>>>>>

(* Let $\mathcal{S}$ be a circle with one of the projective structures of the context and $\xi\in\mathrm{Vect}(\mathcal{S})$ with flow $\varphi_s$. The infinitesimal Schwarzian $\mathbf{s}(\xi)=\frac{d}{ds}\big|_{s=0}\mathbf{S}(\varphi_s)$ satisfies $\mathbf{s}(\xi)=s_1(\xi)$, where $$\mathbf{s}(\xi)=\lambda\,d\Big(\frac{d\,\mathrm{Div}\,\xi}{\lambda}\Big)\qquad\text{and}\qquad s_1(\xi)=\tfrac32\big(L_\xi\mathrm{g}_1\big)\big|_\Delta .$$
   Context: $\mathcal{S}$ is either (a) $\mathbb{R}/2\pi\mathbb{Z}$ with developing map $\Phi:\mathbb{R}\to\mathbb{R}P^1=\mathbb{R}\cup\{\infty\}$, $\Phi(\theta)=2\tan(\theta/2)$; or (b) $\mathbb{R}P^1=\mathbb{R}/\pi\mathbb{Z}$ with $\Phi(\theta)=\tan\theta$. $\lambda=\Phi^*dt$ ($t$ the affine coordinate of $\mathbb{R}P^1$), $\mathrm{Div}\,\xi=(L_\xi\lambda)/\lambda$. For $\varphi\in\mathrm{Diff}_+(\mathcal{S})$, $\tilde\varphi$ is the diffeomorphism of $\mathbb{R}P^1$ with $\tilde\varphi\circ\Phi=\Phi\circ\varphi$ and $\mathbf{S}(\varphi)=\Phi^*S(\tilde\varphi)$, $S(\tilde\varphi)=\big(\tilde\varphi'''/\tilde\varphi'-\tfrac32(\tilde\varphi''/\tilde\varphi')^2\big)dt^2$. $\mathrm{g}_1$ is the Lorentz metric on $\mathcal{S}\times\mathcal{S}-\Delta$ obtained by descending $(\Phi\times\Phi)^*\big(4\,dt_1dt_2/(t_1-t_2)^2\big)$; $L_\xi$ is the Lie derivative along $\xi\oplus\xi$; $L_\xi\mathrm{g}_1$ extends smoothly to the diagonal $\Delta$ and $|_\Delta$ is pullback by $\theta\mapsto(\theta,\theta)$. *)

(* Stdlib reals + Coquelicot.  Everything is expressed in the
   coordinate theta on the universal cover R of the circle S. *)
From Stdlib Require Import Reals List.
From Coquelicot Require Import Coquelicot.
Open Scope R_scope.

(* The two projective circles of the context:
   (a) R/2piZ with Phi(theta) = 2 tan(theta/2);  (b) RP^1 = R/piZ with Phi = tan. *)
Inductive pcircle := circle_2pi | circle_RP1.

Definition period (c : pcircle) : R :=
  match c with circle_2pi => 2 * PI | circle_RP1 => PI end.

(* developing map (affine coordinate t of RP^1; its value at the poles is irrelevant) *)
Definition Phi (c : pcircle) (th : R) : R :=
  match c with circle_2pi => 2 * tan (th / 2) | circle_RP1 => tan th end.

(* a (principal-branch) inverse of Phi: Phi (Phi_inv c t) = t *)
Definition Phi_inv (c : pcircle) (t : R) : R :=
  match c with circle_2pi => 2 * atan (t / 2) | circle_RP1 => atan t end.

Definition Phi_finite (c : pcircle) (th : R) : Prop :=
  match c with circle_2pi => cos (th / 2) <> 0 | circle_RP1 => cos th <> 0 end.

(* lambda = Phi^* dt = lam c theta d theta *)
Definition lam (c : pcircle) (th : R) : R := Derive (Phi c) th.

<<<<<
>>>>>

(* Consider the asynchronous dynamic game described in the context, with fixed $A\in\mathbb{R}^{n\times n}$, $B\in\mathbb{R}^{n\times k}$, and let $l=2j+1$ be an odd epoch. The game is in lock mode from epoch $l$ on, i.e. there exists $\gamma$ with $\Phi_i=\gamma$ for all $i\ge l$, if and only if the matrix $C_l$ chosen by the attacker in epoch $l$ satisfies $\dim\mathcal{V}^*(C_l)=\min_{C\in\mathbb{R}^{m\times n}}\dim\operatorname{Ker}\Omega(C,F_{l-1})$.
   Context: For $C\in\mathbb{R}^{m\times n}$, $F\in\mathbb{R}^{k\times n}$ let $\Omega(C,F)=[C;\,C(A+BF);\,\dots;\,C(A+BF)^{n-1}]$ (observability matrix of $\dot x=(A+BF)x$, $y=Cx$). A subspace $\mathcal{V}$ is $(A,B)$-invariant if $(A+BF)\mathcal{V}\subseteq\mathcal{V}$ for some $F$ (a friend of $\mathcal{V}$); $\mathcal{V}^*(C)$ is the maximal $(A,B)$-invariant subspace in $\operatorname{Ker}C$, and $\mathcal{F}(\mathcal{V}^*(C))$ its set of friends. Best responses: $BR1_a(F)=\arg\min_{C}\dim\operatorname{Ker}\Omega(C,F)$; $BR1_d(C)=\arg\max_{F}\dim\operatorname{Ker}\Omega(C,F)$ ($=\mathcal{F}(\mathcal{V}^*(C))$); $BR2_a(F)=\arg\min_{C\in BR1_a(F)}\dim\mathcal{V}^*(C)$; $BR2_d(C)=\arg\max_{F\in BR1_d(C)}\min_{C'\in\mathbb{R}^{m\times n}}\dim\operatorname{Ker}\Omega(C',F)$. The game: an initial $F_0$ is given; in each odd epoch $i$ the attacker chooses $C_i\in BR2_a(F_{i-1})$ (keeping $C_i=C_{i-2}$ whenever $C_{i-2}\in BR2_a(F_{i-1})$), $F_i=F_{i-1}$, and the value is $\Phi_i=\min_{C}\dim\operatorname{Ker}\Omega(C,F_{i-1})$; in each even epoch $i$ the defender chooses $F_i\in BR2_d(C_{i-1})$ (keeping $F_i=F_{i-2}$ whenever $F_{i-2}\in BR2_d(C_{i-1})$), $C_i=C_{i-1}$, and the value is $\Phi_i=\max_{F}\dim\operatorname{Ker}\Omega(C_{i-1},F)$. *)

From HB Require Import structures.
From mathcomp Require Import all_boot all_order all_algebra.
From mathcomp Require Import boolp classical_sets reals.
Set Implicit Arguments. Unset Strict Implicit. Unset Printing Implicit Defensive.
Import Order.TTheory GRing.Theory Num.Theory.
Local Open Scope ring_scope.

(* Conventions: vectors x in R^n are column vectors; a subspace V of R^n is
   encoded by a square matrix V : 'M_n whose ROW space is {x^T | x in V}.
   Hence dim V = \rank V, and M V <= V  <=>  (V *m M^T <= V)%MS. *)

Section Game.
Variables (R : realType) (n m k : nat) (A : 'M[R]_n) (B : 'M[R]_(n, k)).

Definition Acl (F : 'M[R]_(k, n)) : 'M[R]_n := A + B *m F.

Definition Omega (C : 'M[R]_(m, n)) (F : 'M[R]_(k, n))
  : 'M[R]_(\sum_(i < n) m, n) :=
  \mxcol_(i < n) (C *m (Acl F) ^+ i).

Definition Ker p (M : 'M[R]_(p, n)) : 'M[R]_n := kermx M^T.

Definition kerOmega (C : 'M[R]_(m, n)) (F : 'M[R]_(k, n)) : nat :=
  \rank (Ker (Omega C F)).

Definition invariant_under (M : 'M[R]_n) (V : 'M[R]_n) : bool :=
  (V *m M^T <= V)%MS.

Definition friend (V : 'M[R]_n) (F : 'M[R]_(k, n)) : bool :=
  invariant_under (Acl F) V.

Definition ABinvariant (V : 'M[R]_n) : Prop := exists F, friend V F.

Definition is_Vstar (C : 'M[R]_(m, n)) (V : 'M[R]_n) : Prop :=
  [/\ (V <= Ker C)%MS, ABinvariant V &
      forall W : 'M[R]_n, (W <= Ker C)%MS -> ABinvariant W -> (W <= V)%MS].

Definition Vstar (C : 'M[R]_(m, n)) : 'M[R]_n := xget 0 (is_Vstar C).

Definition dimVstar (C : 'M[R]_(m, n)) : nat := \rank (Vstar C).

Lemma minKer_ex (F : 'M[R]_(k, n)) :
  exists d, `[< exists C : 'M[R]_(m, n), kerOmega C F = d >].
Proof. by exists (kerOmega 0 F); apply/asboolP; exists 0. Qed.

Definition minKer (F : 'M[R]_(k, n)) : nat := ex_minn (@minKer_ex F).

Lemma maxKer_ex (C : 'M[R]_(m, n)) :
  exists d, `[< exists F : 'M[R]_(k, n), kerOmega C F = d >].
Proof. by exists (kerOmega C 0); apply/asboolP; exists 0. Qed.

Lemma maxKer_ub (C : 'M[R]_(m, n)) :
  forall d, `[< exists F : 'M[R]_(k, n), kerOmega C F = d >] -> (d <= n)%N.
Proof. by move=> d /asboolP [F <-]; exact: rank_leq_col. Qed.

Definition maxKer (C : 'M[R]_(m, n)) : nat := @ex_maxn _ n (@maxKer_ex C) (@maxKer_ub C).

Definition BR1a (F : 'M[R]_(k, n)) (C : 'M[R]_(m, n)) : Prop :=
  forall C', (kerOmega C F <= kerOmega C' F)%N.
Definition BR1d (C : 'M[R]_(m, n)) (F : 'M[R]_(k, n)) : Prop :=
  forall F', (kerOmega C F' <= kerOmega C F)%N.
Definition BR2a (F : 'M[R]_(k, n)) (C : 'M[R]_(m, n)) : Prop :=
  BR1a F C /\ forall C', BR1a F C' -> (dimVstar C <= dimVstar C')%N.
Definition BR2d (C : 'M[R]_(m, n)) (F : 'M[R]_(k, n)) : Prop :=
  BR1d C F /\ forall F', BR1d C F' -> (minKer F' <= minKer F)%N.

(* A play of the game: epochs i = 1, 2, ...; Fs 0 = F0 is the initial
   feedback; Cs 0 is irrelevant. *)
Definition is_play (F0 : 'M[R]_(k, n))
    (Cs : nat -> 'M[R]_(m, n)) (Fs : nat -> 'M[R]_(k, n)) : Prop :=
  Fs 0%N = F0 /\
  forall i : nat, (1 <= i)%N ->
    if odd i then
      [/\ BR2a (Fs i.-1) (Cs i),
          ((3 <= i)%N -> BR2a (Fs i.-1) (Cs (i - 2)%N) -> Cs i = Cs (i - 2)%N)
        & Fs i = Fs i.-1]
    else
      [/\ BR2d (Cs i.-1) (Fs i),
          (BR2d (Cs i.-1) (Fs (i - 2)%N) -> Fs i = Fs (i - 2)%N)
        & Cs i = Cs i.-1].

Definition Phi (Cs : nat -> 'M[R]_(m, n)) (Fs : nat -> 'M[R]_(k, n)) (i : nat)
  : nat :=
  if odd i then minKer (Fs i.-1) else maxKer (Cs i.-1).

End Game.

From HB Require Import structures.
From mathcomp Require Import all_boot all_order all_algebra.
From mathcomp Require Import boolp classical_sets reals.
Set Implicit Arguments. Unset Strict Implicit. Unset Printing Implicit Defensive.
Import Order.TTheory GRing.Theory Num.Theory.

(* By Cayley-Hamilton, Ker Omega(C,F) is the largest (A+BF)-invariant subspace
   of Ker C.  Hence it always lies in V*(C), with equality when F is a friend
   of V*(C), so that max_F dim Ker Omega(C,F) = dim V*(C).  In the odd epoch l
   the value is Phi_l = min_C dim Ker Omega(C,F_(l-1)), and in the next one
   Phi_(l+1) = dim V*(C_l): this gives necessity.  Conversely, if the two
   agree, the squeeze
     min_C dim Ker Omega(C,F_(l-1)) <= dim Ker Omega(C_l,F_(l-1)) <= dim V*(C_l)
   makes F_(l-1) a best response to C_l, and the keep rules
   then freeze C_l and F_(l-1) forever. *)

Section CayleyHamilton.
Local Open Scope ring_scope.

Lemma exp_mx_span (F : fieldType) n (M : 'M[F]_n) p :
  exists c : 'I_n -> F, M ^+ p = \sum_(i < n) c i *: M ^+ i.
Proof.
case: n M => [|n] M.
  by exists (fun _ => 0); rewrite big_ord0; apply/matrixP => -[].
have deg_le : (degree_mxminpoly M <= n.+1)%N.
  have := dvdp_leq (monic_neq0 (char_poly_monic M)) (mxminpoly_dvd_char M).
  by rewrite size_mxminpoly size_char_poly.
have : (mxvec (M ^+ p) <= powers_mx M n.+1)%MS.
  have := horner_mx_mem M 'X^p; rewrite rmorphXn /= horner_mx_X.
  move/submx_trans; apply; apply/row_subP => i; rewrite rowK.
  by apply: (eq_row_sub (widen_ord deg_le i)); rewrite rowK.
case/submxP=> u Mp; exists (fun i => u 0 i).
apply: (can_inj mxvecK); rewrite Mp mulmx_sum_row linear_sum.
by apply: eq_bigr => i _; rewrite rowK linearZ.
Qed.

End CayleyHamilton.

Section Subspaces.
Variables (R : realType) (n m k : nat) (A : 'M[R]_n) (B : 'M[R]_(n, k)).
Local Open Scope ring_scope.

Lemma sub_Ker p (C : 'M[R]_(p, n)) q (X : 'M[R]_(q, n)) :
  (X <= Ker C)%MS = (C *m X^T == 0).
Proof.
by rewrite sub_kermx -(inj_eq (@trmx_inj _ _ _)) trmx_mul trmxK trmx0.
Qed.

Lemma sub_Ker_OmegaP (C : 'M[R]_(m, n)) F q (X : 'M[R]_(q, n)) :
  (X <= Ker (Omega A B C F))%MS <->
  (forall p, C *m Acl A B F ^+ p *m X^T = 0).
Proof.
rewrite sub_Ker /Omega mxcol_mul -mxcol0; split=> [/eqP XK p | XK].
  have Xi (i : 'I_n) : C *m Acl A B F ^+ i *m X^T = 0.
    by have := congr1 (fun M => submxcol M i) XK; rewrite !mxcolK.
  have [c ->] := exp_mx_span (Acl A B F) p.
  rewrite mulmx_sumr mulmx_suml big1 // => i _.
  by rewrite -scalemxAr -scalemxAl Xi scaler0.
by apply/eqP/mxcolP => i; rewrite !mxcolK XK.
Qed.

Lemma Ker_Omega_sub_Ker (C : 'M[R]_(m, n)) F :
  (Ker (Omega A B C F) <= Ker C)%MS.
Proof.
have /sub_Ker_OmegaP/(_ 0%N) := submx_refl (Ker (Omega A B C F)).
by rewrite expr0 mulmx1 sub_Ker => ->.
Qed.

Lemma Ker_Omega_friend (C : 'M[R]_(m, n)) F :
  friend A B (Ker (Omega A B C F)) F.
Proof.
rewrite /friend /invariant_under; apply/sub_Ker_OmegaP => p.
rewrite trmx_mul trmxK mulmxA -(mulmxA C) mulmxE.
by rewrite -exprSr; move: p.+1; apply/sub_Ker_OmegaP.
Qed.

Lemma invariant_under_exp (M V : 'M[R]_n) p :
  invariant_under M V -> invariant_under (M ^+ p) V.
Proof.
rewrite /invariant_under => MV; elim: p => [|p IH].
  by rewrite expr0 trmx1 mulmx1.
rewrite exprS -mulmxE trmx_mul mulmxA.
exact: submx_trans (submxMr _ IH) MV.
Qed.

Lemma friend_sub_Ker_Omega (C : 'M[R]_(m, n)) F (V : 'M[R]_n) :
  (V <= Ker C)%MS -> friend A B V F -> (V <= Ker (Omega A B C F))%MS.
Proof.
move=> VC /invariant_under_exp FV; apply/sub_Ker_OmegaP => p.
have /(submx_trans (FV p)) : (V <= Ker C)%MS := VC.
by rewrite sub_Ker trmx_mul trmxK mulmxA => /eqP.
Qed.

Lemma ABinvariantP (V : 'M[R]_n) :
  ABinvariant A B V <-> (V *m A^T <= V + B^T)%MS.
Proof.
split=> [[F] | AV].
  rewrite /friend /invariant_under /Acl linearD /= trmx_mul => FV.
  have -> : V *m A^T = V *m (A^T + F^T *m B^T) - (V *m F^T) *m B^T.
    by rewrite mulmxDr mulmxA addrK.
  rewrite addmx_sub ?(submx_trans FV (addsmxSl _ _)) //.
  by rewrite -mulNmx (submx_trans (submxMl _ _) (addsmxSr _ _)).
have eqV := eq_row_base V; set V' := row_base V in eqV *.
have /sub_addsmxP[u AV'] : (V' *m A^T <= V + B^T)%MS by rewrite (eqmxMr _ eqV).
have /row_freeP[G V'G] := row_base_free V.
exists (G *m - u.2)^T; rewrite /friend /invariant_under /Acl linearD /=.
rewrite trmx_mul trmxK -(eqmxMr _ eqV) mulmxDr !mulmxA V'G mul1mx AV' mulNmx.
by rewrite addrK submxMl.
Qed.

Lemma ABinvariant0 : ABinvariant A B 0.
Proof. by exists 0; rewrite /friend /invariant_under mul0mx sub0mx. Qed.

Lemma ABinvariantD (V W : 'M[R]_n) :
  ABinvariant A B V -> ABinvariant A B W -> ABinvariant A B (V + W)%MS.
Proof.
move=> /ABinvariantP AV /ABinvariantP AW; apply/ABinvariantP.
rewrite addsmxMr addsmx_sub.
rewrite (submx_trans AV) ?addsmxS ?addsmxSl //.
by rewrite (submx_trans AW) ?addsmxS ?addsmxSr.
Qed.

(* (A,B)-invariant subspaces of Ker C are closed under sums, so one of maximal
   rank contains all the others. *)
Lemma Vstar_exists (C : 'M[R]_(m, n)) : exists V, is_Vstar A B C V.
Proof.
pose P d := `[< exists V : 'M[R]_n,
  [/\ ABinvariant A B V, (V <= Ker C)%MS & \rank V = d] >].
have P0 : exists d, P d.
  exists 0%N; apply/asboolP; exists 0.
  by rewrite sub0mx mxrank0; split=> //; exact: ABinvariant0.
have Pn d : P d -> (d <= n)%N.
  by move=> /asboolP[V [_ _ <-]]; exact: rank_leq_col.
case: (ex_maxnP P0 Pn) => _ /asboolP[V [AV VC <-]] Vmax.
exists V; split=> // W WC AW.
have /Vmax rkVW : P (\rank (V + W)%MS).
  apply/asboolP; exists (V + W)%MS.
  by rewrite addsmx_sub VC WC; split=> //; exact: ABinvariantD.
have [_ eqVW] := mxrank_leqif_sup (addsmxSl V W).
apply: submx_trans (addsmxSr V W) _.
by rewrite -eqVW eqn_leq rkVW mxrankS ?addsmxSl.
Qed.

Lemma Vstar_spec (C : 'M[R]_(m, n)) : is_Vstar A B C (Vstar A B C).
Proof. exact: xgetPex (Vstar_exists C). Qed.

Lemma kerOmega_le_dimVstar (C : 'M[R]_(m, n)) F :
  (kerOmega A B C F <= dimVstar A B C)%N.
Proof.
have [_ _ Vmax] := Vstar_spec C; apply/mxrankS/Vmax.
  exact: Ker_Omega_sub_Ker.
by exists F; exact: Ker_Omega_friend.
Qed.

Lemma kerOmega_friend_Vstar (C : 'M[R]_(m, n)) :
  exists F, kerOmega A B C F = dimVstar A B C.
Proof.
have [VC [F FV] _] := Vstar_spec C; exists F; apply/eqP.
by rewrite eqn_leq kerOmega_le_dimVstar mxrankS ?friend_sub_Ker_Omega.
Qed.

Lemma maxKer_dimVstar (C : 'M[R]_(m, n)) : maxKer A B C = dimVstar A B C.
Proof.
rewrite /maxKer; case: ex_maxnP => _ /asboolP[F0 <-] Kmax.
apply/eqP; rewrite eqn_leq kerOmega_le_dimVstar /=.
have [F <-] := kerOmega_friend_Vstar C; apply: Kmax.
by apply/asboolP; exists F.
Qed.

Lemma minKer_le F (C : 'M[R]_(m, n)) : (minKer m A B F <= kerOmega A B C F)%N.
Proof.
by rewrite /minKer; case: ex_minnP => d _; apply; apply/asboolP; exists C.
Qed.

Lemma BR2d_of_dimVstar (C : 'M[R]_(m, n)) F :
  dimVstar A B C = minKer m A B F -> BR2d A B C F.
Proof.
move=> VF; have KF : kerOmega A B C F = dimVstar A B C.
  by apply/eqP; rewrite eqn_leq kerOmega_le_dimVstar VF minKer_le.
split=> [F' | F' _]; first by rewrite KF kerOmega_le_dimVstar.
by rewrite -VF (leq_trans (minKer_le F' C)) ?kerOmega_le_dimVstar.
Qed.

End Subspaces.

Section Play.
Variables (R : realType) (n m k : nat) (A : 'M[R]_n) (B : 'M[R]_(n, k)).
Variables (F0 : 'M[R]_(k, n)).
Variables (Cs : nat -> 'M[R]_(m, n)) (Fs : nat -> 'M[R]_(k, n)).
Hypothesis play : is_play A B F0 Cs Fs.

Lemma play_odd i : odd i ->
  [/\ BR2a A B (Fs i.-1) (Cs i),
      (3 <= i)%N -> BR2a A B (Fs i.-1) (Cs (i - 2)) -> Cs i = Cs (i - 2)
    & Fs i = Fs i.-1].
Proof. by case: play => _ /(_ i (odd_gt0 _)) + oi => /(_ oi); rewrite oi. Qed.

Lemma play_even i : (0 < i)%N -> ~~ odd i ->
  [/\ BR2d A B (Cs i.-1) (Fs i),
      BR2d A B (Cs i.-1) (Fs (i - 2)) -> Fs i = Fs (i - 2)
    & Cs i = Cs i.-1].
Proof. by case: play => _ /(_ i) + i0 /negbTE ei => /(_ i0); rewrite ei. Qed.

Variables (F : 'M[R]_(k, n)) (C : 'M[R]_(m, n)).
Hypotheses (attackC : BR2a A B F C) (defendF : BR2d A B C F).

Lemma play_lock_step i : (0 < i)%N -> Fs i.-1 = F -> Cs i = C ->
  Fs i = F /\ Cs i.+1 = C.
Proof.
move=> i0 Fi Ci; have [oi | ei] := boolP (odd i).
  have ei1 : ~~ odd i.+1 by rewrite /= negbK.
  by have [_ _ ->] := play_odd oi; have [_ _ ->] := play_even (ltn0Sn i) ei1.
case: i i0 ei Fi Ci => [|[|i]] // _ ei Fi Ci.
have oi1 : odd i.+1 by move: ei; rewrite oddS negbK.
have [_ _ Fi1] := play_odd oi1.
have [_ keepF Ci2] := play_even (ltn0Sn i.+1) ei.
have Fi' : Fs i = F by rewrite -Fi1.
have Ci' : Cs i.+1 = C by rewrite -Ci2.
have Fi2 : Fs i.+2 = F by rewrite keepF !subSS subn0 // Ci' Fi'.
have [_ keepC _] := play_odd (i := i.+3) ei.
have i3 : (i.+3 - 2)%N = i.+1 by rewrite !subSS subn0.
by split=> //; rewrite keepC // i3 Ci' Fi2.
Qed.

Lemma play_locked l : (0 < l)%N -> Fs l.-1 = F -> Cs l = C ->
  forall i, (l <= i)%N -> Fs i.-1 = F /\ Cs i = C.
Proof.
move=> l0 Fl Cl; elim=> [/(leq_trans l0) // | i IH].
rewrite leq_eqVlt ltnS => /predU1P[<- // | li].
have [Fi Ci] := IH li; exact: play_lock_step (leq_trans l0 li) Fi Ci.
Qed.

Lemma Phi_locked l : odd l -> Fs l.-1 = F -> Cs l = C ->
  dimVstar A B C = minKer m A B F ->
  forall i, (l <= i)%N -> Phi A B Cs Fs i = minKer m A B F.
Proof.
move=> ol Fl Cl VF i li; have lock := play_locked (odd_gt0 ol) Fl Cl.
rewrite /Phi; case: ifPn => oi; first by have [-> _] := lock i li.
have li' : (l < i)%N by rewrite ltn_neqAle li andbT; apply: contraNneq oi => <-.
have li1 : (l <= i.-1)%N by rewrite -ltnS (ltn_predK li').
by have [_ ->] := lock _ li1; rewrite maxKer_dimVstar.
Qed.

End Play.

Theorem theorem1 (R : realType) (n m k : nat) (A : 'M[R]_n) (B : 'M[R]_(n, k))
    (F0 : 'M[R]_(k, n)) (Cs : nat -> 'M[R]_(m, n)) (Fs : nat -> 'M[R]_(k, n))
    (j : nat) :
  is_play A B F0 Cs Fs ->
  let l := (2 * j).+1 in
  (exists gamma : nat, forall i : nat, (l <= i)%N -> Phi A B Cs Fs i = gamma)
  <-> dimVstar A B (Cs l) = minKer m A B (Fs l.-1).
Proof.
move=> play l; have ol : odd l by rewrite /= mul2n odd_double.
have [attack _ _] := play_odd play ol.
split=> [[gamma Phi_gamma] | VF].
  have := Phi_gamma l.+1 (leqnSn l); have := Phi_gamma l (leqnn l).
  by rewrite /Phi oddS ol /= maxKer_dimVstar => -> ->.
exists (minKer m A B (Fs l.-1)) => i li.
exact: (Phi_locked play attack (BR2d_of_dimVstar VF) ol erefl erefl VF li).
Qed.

<<<<<

What you should do: Among the entries above, the lines between the ones containing "by apply: (eq_row_sub" and "have /(submx_trans (FV", inclusive, are to be transcribed exactly. No other line is to be given.

Exercise solution:
  by apply: (eq_row_sub (widen_ord deg_le i)); rewrite rowK.
case/submxP=> u Mp; exists (fun i => u 0 i).
apply: (can_inj mxvecK); rewrite Mp mulmx_sum_row linear_sum.
by apply: eq_bigr => i _; rewrite rowK linearZ.
Qed.

End CayleyHamilton.

Section Subspaces.
Variables (R : realType) (n m k : nat) (A : 'M[R]_n) (B : 'M[R]_(n, k)).
Local Open Scope ring_scope.

Lemma sub_Ker p (C : 'M[R]_(p, n)) q (X : 'M[R]_(q, n)) :
  (X <= Ker C)%MS = (C *m X^T == 0).
Proof.
by rewrite sub_kermx -(inj_eq (@trmx_inj _ _ _)) trmx_mul trmxK trmx0.
Qed.

Lemma sub_Ker_OmegaP (C : 'M[R]_(m, n)) F q (X : 'M[R]_(q, n)) :
  (X <= Ker (Omega A B C F))%MS <->
  (forall p, C *m Acl A B F ^+ p *m X^T = 0).
Proof.
rewrite sub_Ker /Omega mxcol_mul -mxcol0; split=> [/eqP XK p | XK].
  have Xi (i : 'I_n) : C *m Acl A B F ^+ i *m X^T = 0.
    by have := congr1 (fun M => submxcol M i) XK; rewrite !mxcolK.
  have [c ->] := exp_mx_span (Acl A B F) p.
  rewrite mulmx_sumr mulmx_suml big1 // => i _.
  by rewrite -scalemxAr -scalemxAl Xi scaler0.
by apply/eqP/mxcolP => i; rewrite !mxcolK XK.
Qed.

Lemma Ker_Omega_sub_Ker (C : 'M[R]_(m, n)) F :
  (Ker (Omega A B C F) <= Ker C)%MS.
Proof.
have /sub_Ker_OmegaP/(_ 0%N) := submx_refl (Ker (Omega A B C F)).
by rewrite expr0 mulmx1 sub_Ker => ->.
Qed.

Lemma Ker_Omega_friend (C : 'M[R]_(m, n)) F :
  friend A B (Ker (Omega A B C F)) F.
Proof.
rewrite /friend /invariant_under; apply/sub_Ker_OmegaP => p.
rewrite trmx_mul trmxK mulmxA -(mulmxA C) mulmxE.
by rewrite -exprSr; move: p.+1; apply/sub_Ker_OmegaP.
Qed.

Lemma invariant_under_exp (M V : 'M[R]_n) p :
  invariant_under M V -> invariant_under (M ^+ p) V.
Proof.
rewrite /invariant_under => MV; elim: p => [|p IH].
  by rewrite expr0 trmx1 mulmx1.
rewrite exprS -mulmxE trmx_mul mulmxA.
exact: submx_trans (submxMr _ IH) MV.
Qed.

Lemma friend_sub_Ker_Omega (C : 'M[R]_(m, n)) F (V : 'M[R]_n) :
  (V <= Ker C)%MS -> friend A B V F -> (V <= Ker (Omega A B C F))%MS.
Proof.
move=> VC /invariant_under_exp FV; apply/sub_Ker_OmegaP => p.
have /(submx_trans (FV p)) : (V <= Ker C)%MS := VC.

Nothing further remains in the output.